The fountain was redesigned by the Italian architect, Nicola Salvi in the 1700’s and finished by Pietro Bracci in 1762 following Salvi’s death. This enchanting stone fountain stands an impressive 86 ft. high and 161.3 ft. wide. It can be found at the junction of three roads in the Trevi district of Rome. Its location marks the modernized terminal point of Acqua Vergine, which is a revived version of Aqua Virgo (also known as the Virgin Waters), one of the aqueducts that supplied water to the people of ancient Rome. According to the legend, a young female virgin, some refer to as a shepherdess, guided a group of Roman soldiers who were tired and thirsty to a spring of pure, fresh water. The scene is depicted in the design of the fountain, and the legend is also where the Trevi Fountain got its name.

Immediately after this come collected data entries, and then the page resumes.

(* Let $\Delta x>0$, consider the homogeneous grid $x_j=x_1+(j-1)\Delta x$, let $M_-,M_+\in\mathbb{Z}$ with $M:=M_-+M_+\ge0$, and consider the stencil $\{i-M_-,\dots,i+M_+\}$ of $M+1$ grid points. Let $f$ be a real function defined at the points $x_{i+\ell}$, $f_{i+\ell}:=f(x_{i+\ell})$, let $p_f(x)=\sum_{m=0}^{M}c_{f,m}\left(\frac{x-x_i}{\Delta x}\right)^m$ be the polynomial of degree $\le M$ interpolating $f$ at $x_{i-M_-},\dots,x_{i+M_+}$, and let $p_h(x)=\sum_{m=0}^{M}c_{h,m}\left(\frac{x-x_i}{\Delta x}\right)^m$ be the polynomial of degree $\le M$ satisfying $p_f(x)=\frac{1}{\Delta x}\int_{x-\frac12\Delta x}^{x+\frac12\Delta x}p_h(\zeta)\,d\zeta$ for all $x$. Then, with $\xi:=(x-x_i)/\Delta x$, $$p_h(x_i+\xi\Delta x)=\sum_{\ell=-M_-}^{M_+}\alpha_{h,M_-,M_+,\ell}(\xi)f_{i+\ell},\qquad p_f(x_i+\xi\Delta x)=\sum_{\ell=-M_-}^{M_+}\alpha_{f,M_-,M_+,\ell}(\xi)f_{i+\ell},$$ where $\alpha_{h,M_-,M_+,\ell}$ and $\alpha_{f,M_-,M_+,\ell}$ are polynomials of degree $M$ in $\xi$, with coefficients depending only on $(M_-,M_+,\ell)$, given by $$\alpha_{h,M_-,M_+,\ell}(\xi)=\sum_{m=0}^{M}\left(\sum_{k=0}^{\lfloor (M-m)/2\rfloor}\frac{\tau_{2k}(m+2k)!}{m!}(V_{M_-,M_+}^{-1})_{m+2k+1,\ell+M_-+1}\right)\xi^m,$$ $$\alpha_{f,M_-,M_+,\ell}(\xi)=\sum_{m=0}^{M}(V_{M_-,M_+}^{-1})_{m+1,\ell+M_-+1}\,\xi^m.$$
   Context: $V_{M_-,M_+}\in\mathbb{R}^{(M+1)\times(M+1)}$ is the (invertible) Vandermonde matrix with entries $(V_{M_-,M_+})_{ij}=(i-1-M_-)^{j-1}$ (with $0^0=1$). The numbers $\tau_{2k}$ are defined by $\tau_0=1$ and $\tau_{2k}=\sum_{s=0}^{k-1}\frac{-\tau_{2s}}{2^{2k-2s}(2k-2s+1)!}$ for $k>0$. *)

From HB Require Import structures.
From mathcomp Require Import all_boot all_order all_algebra.
From mathcomp Require Import all_classical all_reals all_analysis.
Set Implicit Arguments. Unset Strict Implicit. Unset Printing Implicit Defensive.
Import Order.TTheory GRing.Theory Num.Theory.
Import numFieldNormedType.Exports.
Local Open Scope ring_scope.

Fixpoint tau_seq (R : fieldType) (n : nat) : seq R :=
  match n with
  | 0 => [:: 1]
  | n'.+1 =>
      let s := tau_seq R n' in
      rcons s (\sum_(j < n'.+1)
                 - nth 0 s j / (2 ^+ (2 * (n'.+1 - j)) * ((2 * (n'.+1 - j)).+1)`!%:R))
  end.

(* tau k = tau_{2k} of the paper. *)
Definition tau (R : fieldType) (k : nat) : R := nth 0 (tau_seq R k) k.

(* Vandermonde matrix V_{M-,M+} (0-based indices): V i j = (i - M_-)^j, 0^0 = 1. *)
Definition vdm (R : fieldType) (Mm : int) (M : nat) : 'M[R]_M.+1 :=
  \matrix_(i < M.+1, j < M.+1) ((i%:Z - Mm)%:~R) ^+ j.

(* alpha_{f,M-,M+,l}(xi) with l = k - M_- (k : 'I_(M+1) is the column index l + M_-). *)
Definition alpha_f (R : fieldType) (Mm : int) (M : nat) (k : 'I_M.+1) (xi : R) : R :=
  \sum_(m < M.+1) (invmx (vdm R Mm M)) m k * xi ^+ m.

Definition alpha_h (R : fieldType) (Mm : int) (M : nat) (k : 'I_M.+1) (xi : R) : R :=
  \sum_(m < M.+1)
    (\sum_(j < ((M - m)./2).+1)
       tau R j * (m + 2 * j)`!%:R / m`!%:R
         * (invmx (vdm R Mm M)) (inord (m + 2 * j)) k) * xi ^+ m.

From HB Require Import structures.
From mathcomp Require Import all_boot all_order all_algebra.
From mathcomp Require Import all_classical all_reals all_analysis.
From mathcomp Require Import zify ring lra.
Import Order.TTheory GRing.Theory Num.Theory.
Import numFieldNormedType.Exports.
Local Open Scope ring_scope.

(* The cell average [p |-> 1/dx \int_{x-dx/2}^{x+dx/2} p] acts on polynomials in
   the scaled variable [(x - x_i)/dx] as the even Taylor operator
   [\sum_j D^(2j) / (2^(2j) (2j+1)!)], a unipotent operator on polynomials of
   degree <= M.  The recursion defining [tau] says exactly that
   [\sum_k tau_(2k) D^(2k)] is its inverse, so [p_h] is obtained from [p_f] by
   applying that operator.  The coefficients of [p_f] are [V^-1 f] since [p_f]
   interpolates [f] at the integer nodes [-M_-, ..., M_+], and expanding
   [D^(2k)] on monomials gives the factors [(m+2k)!/m!] of [alpha_h]. *)

Section CellAverageOperators.
Variable R : fieldType.

(* [\sum_j avg_coef j x^(2j)] is the series of [sinh(x/2)/(x/2)]; the [tau] are
   the coefficients of its reciprocal, see [tau_avg_coef_conv]. *)
Definition avg_coef (j : nat) : R := (2 ^+ (2 * j) * (2 * j).+1`!%:R)^-1.

Definition cell_average (K : nat) (p : {poly R}) : {poly R} :=
  \sum_(j < K) avg_coef j *: p^`(2 * j).

Definition inv_cell_average (K : nat) (p : {poly R}) : {poly R} :=
  \sum_(k < K) tau R k *: p^`(2 * k).

Lemma size_tau_seq n : size (tau_seq R n) = n.+1.
Proof. by elim: n => //= n IH; rewrite size_rcons IH. Qed.

Lemma nth_tau_seq n j : (j <= n)%N -> nth 0 (tau_seq R n) j = tau R j.
Proof.
elim: n => [|n IH]; first by rewrite leqn0 => /eqP ->.
rewrite leq_eqVlt => /predU1P[-> //|lt_jn].
by rewrite /= nth_rcons size_tau_seq lt_jn IH.
Qed.

Lemma avg_coef0 : avg_coef 0 = 1.
Proof. by rewrite /avg_coef muln0 expr0 mul1r invr1. Qed.

Lemma tauS n : tau R n.+1 = - \sum_(k < n.+1) tau R k * avg_coef (n.+1 - k).
Proof.
rewrite /tau /= nth_rcons size_tau_seq ltnn eqxx -sumrN.
by apply: eq_bigr => k _; rewrite nth_tau_seq -1?ltnS // mulNr.
Qed.

Lemma tau_avg_coef_conv n :
  \sum_(k < n.+1) tau R k * avg_coef (n - k) = (n == 0)%:R.
Proof.
case: n => [|n]; first by rewrite big_ord1 avg_coef0 mulr1.
by rewrite big_ord_recr /= subnn avg_coef0 mulr1 tauS addrN.
Qed.

Lemma sum_shift_vanishing (V : nmodType) (F : nat -> V) K k :
  (k <= K)%N -> (forall n, (K <= n)%N -> F n = 0) ->
  \sum_(j < K) F (j + k)%N = \sum_(n < K | (k <= n)%N) F n.
Proof.
move=> le_kK F0.
have -> : \sum_(j < K) F (j + k)%N = \sum_(k <= n < K + k) F n.
  by rewrite (big_addn 0 (K + k) k) addnK big_mkord.
rewrite (big_cat_nat le_kK (leq_addr k K)) /= [X in _ + X]big1_seq ?addr0.
  by rewrite big_geq_mkord.
by move=> n /andP[_]; rewrite mem_index_iota => /andP[/F0].
Qed.

Lemma tau_avg_coef_convK (V : lmodType R) (g : nat -> V) K :
  (forall n, (K <= n)%N -> g n = 0) ->
  \sum_(k < K) tau R k *: \sum_(j < K) avg_coef j *: g (j + k)%N = g 0%N.
Proof.
case: K => [|K] g0; first by rewrite big_ord0 g0.
have shift (k : 'I_K.+1) : \sum_(j < K.+1) avg_coef j *: g (j + k)%N =
    \sum_(n < K.+1 | (k <= n)%N) avg_coef (n - k) *: g n.
  rewrite -(@sum_shift_vanishing _ (fun n => avg_coef (n - k) *: g n)).
  - by apply: eq_bigr => j _; rewrite addnK.
  - exact: ltnW.
  - by move=> n /g0 ->; rewrite scaler0.
transitivity (\sum_(n < K.+1) \sum_(k < n.+1) (tau R k * avg_coef (n - k)) *: g n).
  under eq_bigr => k _ do rewrite shift scaler_sumr.
  rewrite (exchange_big_dep xpredT) //=; apply: eq_bigr => n _.
  rewrite (big_ord_widen_cond _ xpredT (fun k => (tau R k * avg_coef (n - k)) *: g n)
    (ltn_ord n)).
  by apply: eq_big => [k|k _]; rewrite ?ltnS // scalerA.
under eq_bigr => n _ do rewrite -scaler_suml tau_avg_coef_conv.
by rewrite big_ord_recl scale1r big1 ?addr0 // => n _; rewrite scale0r.
Qed.

Lemma cell_averageK K (p : {poly R}) :
  (size p <= K)%N -> inv_cell_average K (cell_average K p) = p.
Proof.
move=> le_pK; rewrite -[RHS]derivn0 -(@tau_avg_coef_convK _ (fun n => p^`(2 * n)) K).
  apply: eq_bigr => k _; congr (_ *: _); rewrite raddf_sum; apply: eq_bigr => j _.
  by rewrite /= derivnZ /derivn -iterD mulnDr addnC.
move=> n le_Kn; apply/derivn_poly0/(leq_trans le_pK)/(leq_trans le_Kn).
by rewrite leq_pmull.
Qed.

End CellAverageOperators.

Arguments cell_average {R}.
Arguments inv_cell_average {R}.

Lemma sum_ord_double (V : nmodType) (F : nat -> V) K :
  \sum_(i < 2 * K) F i = \sum_(j < K) (F (2 * j)%N + F (2 * j).+1).
Proof.
elim: K => [|K IH]; first by rewrite !big_ord0.
by rewrite mulnS !big_ord_recr /= IH addrA.
Qed.

Lemma cell_average_taylor (R : numFieldType) (Q : {poly R}) K u :
  (size Q <= (2 * K).+1)%N ->
  Q.[u + 2^-1] - Q.[u - 2^-1] = (cell_average K Q^`()).[u].
Proof.
move=> le_QK; set h : R := 2^-1.
have h2 : h + h = 1 by rewrite [RHS](splitr 1) mul1r.
rewrite !(nderiv_taylor_wide (mulrC _ _) le_QK) -sumrB big_ord_recl subrr add0r.
rewrite (sum_ord_double _
  (fun i => Q^`N(i.+1).[u] * h ^+ i.+1 - Q^`N(i.+1).[u] * (- h) ^+ i.+1)).
rewrite horner_sum; apply: eq_bigr => j _.
have -> : (- h) ^+ (2 * j).+2 = h ^+ (2 * j).+2 by rewrite -addn2 -mulnSr !exprM sqrrN.
have -> : (- h) ^+ (2 * j).+1 = - h ^+ (2 * j).+1.
  by rewrite exprSr exprM sqrrN -exprM mulrN -exprSr.
rewrite subrr addr0 -mulrBr opprK exprS -mulrDl h2 mul1r hornerZ -derivSn.
rewrite nderivn_def hornerMn -mulr_natr /avg_coef invfM -exprVn -/h.
have fact_neq0 : (2 * j).+1`!%:R != 0 :> R by rewrite pnatr_eq0 -lt0n fact_gt0.
by field.
Qed.

Lemma Rintegral_horner {R : realType} [P Q : {poly R}] [a b : R] :
  Q^`() = P -> a < b ->
  \int[lebesgue_measure]_(z in `[a, b]) P.[z] = Q.[b] - Q.[a].
Proof.
move=> QP lt_ab.
rewrite /Rintegral (@continuous_FTC2 _ _ (horner Q) _ _ lt_ab) //.
- by move=> z; apply: continuous_subspaceT => y; exact: continuous_horner.
- split.
  + by move=> y _; exact: derivable_horner.
  + by apply: cvg_at_right_filter; exact: continuous_horner.
  + by apply: cvg_at_left_filter; exact: continuous_horner.
- by move=> y _; rewrite -derivE QP.
Qed.

Lemma poly_antiderivative {R : numFieldType} (P : {poly R}) :
  exists2 Q : {poly R}, Q^`() = P & (size Q <= (size P).+1)%N.
Proof.
exists (\poly_(n < (size P).+1) (if n is n'.+1 then P`_n' / n%:R else 0)).
  apply/polyP => n; rewrite coef_deriv coef_poly ltnS.
  case: ltnP => [_|/(nth_default 0) ->]; last by rewrite mul0rn.
  by rewrite /= -(mulr_natr (P`_n / _)) mulfVK // pnatr_eq0.
exact: size_poly.
Qed.

Lemma integral_cell_average {R : realType} (P : {poly R}) K (c d x : R) :
  0 < d -> (size P <= K)%N ->
  \int[lebesgue_measure]_(z in `[x - d / 2, x + d / 2]) P.[(z - c) / d]
    = d * (cell_average K P).[(x - c) / d].
Proof.
move=> d_gt0 le_PK; have [Q QP le_QP] := poly_antiderivative P.
pose L : {poly R} := d^-1 *: ('X - c%:P).
have hornerL z : L.[z] = (z - c) / d by rewrite hornerZ !hornerE mulrC.
have dQL : (d *: (Q \Po L))^`() = P \Po L.
  rewrite derivZ deriv_comp QP derivZ derivB derivX derivC subr0.
  by rewrite mulr_algr scalerA mulfV ?gt_eqF // scale1r.
under eq_Rintegral => z _ do rewrite -hornerL -horner_comp.
rewrite (Rintegral_horner dQL); last by lra.
rewrite !hornerZ !horner_comp !hornerL -mulrBr -QP -cell_average_taylor; last first.
  by rewrite (leq_trans le_QP) // ltnS (leq_trans le_PK) // leq_pmull.
by congr (d * (_.[_] - _.[_])); field; rewrite gt_eqF.
Qed.

Lemma eq_poly_horner {R : numDomainType} (p q : {poly R}) :
  (forall u, p.[u] = q.[u]) -> p = q.
Proof.
move=> pq; apply/eqP; rewrite -subr_eq0; apply/eqP.
apply: (@roots_geq_poly_eq0 _ _ [seq i%:R | i <- iota 0 (size (p - q))]).
- by apply/allP => _ /mapP[i _ ->]; rewrite /root !hornerE pq subrr.
- by rewrite map_inj_uniq ?iota_uniq //; exact: mulrIn (oner_neq0 R).
- by rewrite size_map size_iota.
Qed.

Lemma unitmx_vdm {R : numFieldType} Mm M : vdm R Mm M \in unitmx.
Proof.
have -> : vdm R Mm M = (Vandermonde M.+1 (\row_j ((j%:Z - Mm)%:~R : R)))^T.
  by apply/matrixP => i j; rewrite !mxE.
rewrite unitmxE det_tr det_Vandermonde unitfE prodf_seq_neq0.
apply/allP => i _; rewrite prodf_seq_neq0.
apply/allP => j _; apply/implyP => lt_ij.
by rewrite !mxE -intrB intr_eq0 subr_eq0 (inj_eq (addIr _)) eqz_nat gtn_eqF.
Qed.

(* Row [n] of [invmx V *m F]; [inord] makes it junk for [n > M], never used. *)
Definition interp_coef {R : fieldType} (Mm : int) {M : nat} (F : 'I_M.+1 -> R)
    (n : nat) : R :=
  \sum_(k < M.+1) invmx (vdm R Mm M) (inord n) k * F k.

Lemma poly_interp_coef {R : numFieldType} Mm M (c : nat -> R) (F : 'I_M.+1 -> R) :
  (forall k : 'I_M.+1, \sum_(m < M.+1) c m * ((k%:Z - Mm)%:~R) ^+ m = F k) ->
  \poly_(m < M.+1) c m = \poly_(m < M.+1) interp_coef Mm F m.
Proof.
move=> cF; apply: eq_poly => m lt_mM.
pose cv : 'cV_M.+1 := \col_n c n; pose Fv : 'cV_M.+1 := \col_k F k.
have : vdm R Mm M *m cv = Fv.
  apply/matrixP => k j; rewrite !mxE -cF.
  by apply: eq_bigr => n _; rewrite !mxE mulrC.
move/(congr1 (mulmx (invmx (vdm R Mm M)))); rewrite mulKmx ?unitmx_vdm //.
move/matrixP/(_ (inord m) 0); rewrite !mxE inordK // => ->.
by apply: eq_bigr => k _; rewrite mxE.
Qed.

Lemma sum_alpha_f {R : fieldType} Mm M (F : 'I_M.+1 -> R) u :
  \sum_(k < M.+1) alpha_f Mm k u * F k
    = (\poly_(m < M.+1) interp_coef Mm F m).[u].
Proof.
rewrite horner_poly; under eq_bigr do rewrite big_distrl.
rewrite exchange_big; apply: eq_bigr => m _ /=.
rewrite /interp_coef inord_val big_distrl.
by apply: eq_bigr => k _; rewrite mulrAC.
Qed.

Lemma sum_alpha_h {R : fieldType} Mm M (F : 'I_M.+1 -> R) u :
  \sum_(k < M.+1) alpha_h Mm k u * F k
    = (\poly_(m < M.+1) \sum_(j < ((M - m)./2).+1)
         tau R j * (m + 2 * j)`!%:R / m`!%:R * interp_coef Mm F (m + 2 * j)).[u].
Proof.
rewrite horner_poly; under eq_bigr do rewrite big_distrl.
rewrite exchange_big; apply: eq_bigr => m _ /=.
under eq_bigr do rewrite !big_distrl.
rewrite big_distrl exchange_big; apply: eq_bigr => j _ /=.
rewrite /interp_coef mulr_sumr big_distrl.
by apply: eq_bigr => k _; rewrite /= mulrAC mulrA.
Qed.

Lemma inv_cell_average_poly {R : numFieldType} M (c : nat -> R) :
  inv_cell_average M.+1 (\poly_(n < M.+1) c n)
    = \poly_(m < M.+1) \sum_(j < ((M - m)./2).+1)
        tau R j * (m + 2 * j)`!%:R / m`!%:R * c (m + 2 * j)%N.
Proof.
apply/polyP => m; rewrite coef_poly coef_sum.
have fact_neq0 n : n`!%:R != 0 :> R by rewrite pnatr_eq0 -lt0n fact_gt0.
have coef_term (k : 'I_M.+1) : (tau R k *: (\poly_(n < M.+1) c n)^`(2 * k))`_m
    = if (m + 2 * k < M.+1)%N
      then tau R k * (m + 2 * k)`!%:R / m`!%:R * c (m + 2 * k)%N else 0.
  rewrite coefZ coef_derivn coef_poly addnC.
  case: ifP => _; last by rewrite mul0rn mulr0.
  rewrite -(ffact_fact (leq_addl m (2 * k))) addnK natrM mulrA mulfK //.
  by rewrite -mulrA mulr_natl.
under eq_bigr do rewrite coef_term.
rewrite -big_mkcond /=; case: ltnP => [lt_mM|le_Mm]; last first.
  by rewrite big_pred0 // => k; rewrite ltnNge (leq_trans le_Mm) ?leq_addr.
rewrite (big_ord_widen_cond M.+1 xpredT
  (fun j => tau R j * (m + 2 * j)`!%:R / m`!%:R * c (m + 2 * j)%N)).
  by apply: eq_bigl => k; rewrite /= [in RHS]ltnS geq_half_double -muln2; lia.
by rewrite ltnS leq_half_double -muln2; lia.
Qed.

Theorem proposition1 (R : realType) (dx x1 : R) (i Mm Mp : int) (M : nat)
  (f : R -> R) (cf ch : nat -> R) :
  0 < dx ->
  Mm + Mp = M%:Z ->
  let xg := fun j : int => x1 + (j - 1)%:~R * dx in
  let xi := xg i in
  let pf := fun x : R => \sum_(m < M.+1) cf m * ((x - xi) / dx) ^+ m in
  let ph := fun x : R => \sum_(m < M.+1) ch m * ((x - xi) / dx) ^+ m in
  (forall l : int, - Mm <= l <= Mp -> pf (xg (i + l)) = f (xg (i + l))) ->
  (forall x : R,
     pf x = dx^-1 * \int[lebesgue_measure]_(z in `[x - dx / 2, x + dx / 2]) ph z) ->
  forall xi' : R,
    ph (xi + xi' * dx)
      = \sum_(k < M.+1) @alpha_h R Mm M k xi' * f (xg (i + (k%:Z - Mm)))
    /\ pf (xi + xi' * dx)
      = \sum_(k < M.+1) @alpha_f R Mm M k xi' * f (xg (i + (k%:Z - Mm))).
Proof.
move=> dx_gt0 MmMp xg xi pf ph pf_nodes pf_avg u.
have dx_neq0 : dx != 0 by rewrite gt_eqF.
have scaled_node l : (xg (i + l) - xi) / dx = l%:~R.
  by rewrite /xi /xg [i + l - 1]addrAC intrD; field.
have scaled v : (xi + v * dx - xi) / dx = v by field.
pose Pf := \poly_(m < M.+1) cf m; pose Ph := \poly_(m < M.+1) ch m.
have pfE : pf = fun x => Pf.[(x - xi) / dx] by apply/funext => x; rewrite horner_poly.
have phE : ph = fun x => Ph.[(x - xi) / dx] by apply/funext => x; rewrite horner_poly.
pose F (k : 'I_M.+1) := f (xg (i + (k%:Z - Mm))).
have Pf_interp : Pf = \poly_(m < M.+1) interp_coef Mm F m.
  apply: poly_interp_coef => k; rewrite /F -pf_nodes; first by rewrite /pf scaled_node.
  by move: (ltn_ord k); lia.
have Pf_avg : Pf = cell_average M.+1 Ph.
  apply: eq_poly_horner => v; have := pf_avg (xi + v * dx).
  rewrite pfE phE (@integral_cell_average _ _ M.+1) ?size_poly // mulKf //.
  by rewrite /= scaled.
have Ph_inv : Ph = inv_cell_average M.+1 Pf by rewrite Pf_avg cell_averageK ?size_poly.
rewrite sum_alpha_h sum_alpha_f -inv_cell_average_poly -Pf_interp -Ph_inv.
by rewrite phE pfE /= scaled.
Qed.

Construction and Modern Renovations

Pope Urban VIII in 1629 requested that the fountain be renovated because he found the design to be overly dramatic. He asked Gian Lorenzo Bernini to sketch renovation ideas for the project; however, the Pope died before he had a chance to see the renovations take place. While Bernini’s ideas were never constructed, there are some of his touches present in the fountain today. During the Baroque era, many competitions were held in the area to design buildings, fountains and other structures. Nicola Salvi was awarded the honor of commission to work on the fountain. He began in 1732 and the project was completed in 1762 by Pietro Bracci, several years after Salvi’s death. Later, Giuseppe Panini added the sculptures of Agrippa and Trivia, the Roman virgin to the fountain, making it one of the most historic and cultural landmarks in the entire city of Rome.

The Restoration of This Iconic Piece of History

In 1998, the fountain was restored. All the stonework was cleaned and the cracks repaired by skilled artisans. Recirculating pumps were added to the fountain, bringing new life to this legendary piece. In 2013 the Italian fashion company Fendi announced that they would sponsor a 20 month long 2.2 million-euro restoration of the fountain, which would be the most thorough restoration of the landmark’s history. As of July of 2014, which is the peak tourist season for Rome, the pool of the fountain is empty and scaffolds cover the familiar design. While visitors are allowed to walk across the scaffold overhead, they are not allowed to throw coins into the empty fountain, a time-honored tradition for tourists of the area and something that no visitor wants to miss out on. The fountain is expected to be reopened in October of 2015.

The Coin Throwing Tradition

The Trevi Fountain is filled with coins of all types which have been thrown in by visitors to Rome for decades. The coins are meant to be thrown using the right hand over the left shoulder. This idea was depicted from the 1954 Academy Award winning film Three Coins in the Fountain, and song of the same name, which mentions the throwing method. It is estimated that more than 3,000 Euros are thrown into the fountain on any given day. The money has been used to fund a supermarket designed for the needy people of Rome; however, there are regular attempts, by locals and visitors alike, to steal coins from the fountain.

The Trevi Fountain in Modern Culture

Being one of the most popular fountains in the world, the Trevi Fountain has been featured in popular culture many times. Artwork of the fountain’s design can be seen on handbags, umbrella shades, and various other accessories for your wardrobe or home. It has been featured in Respighi’s symphonic pictures Fontane di Roma, and was the setting for an iconic scene in the film La Dolce Vita, starring Marcello Mastroianni and Anita Ekberg. When Mastroianni passed away in 1996, the fountain was turned off and draped in black to honor him. American films, such as Roman Holiday, starring Audrey Hepburn have used the fountain as a backdrop for many memorable scenes.

Whether you visit the Trevi Fountain in Rome to experience the beauty for yourself, or enjoy the unique design on your favorite umbrella on rainy days, one look and it is easy to see why this piece is one of the most popular fountains in the world.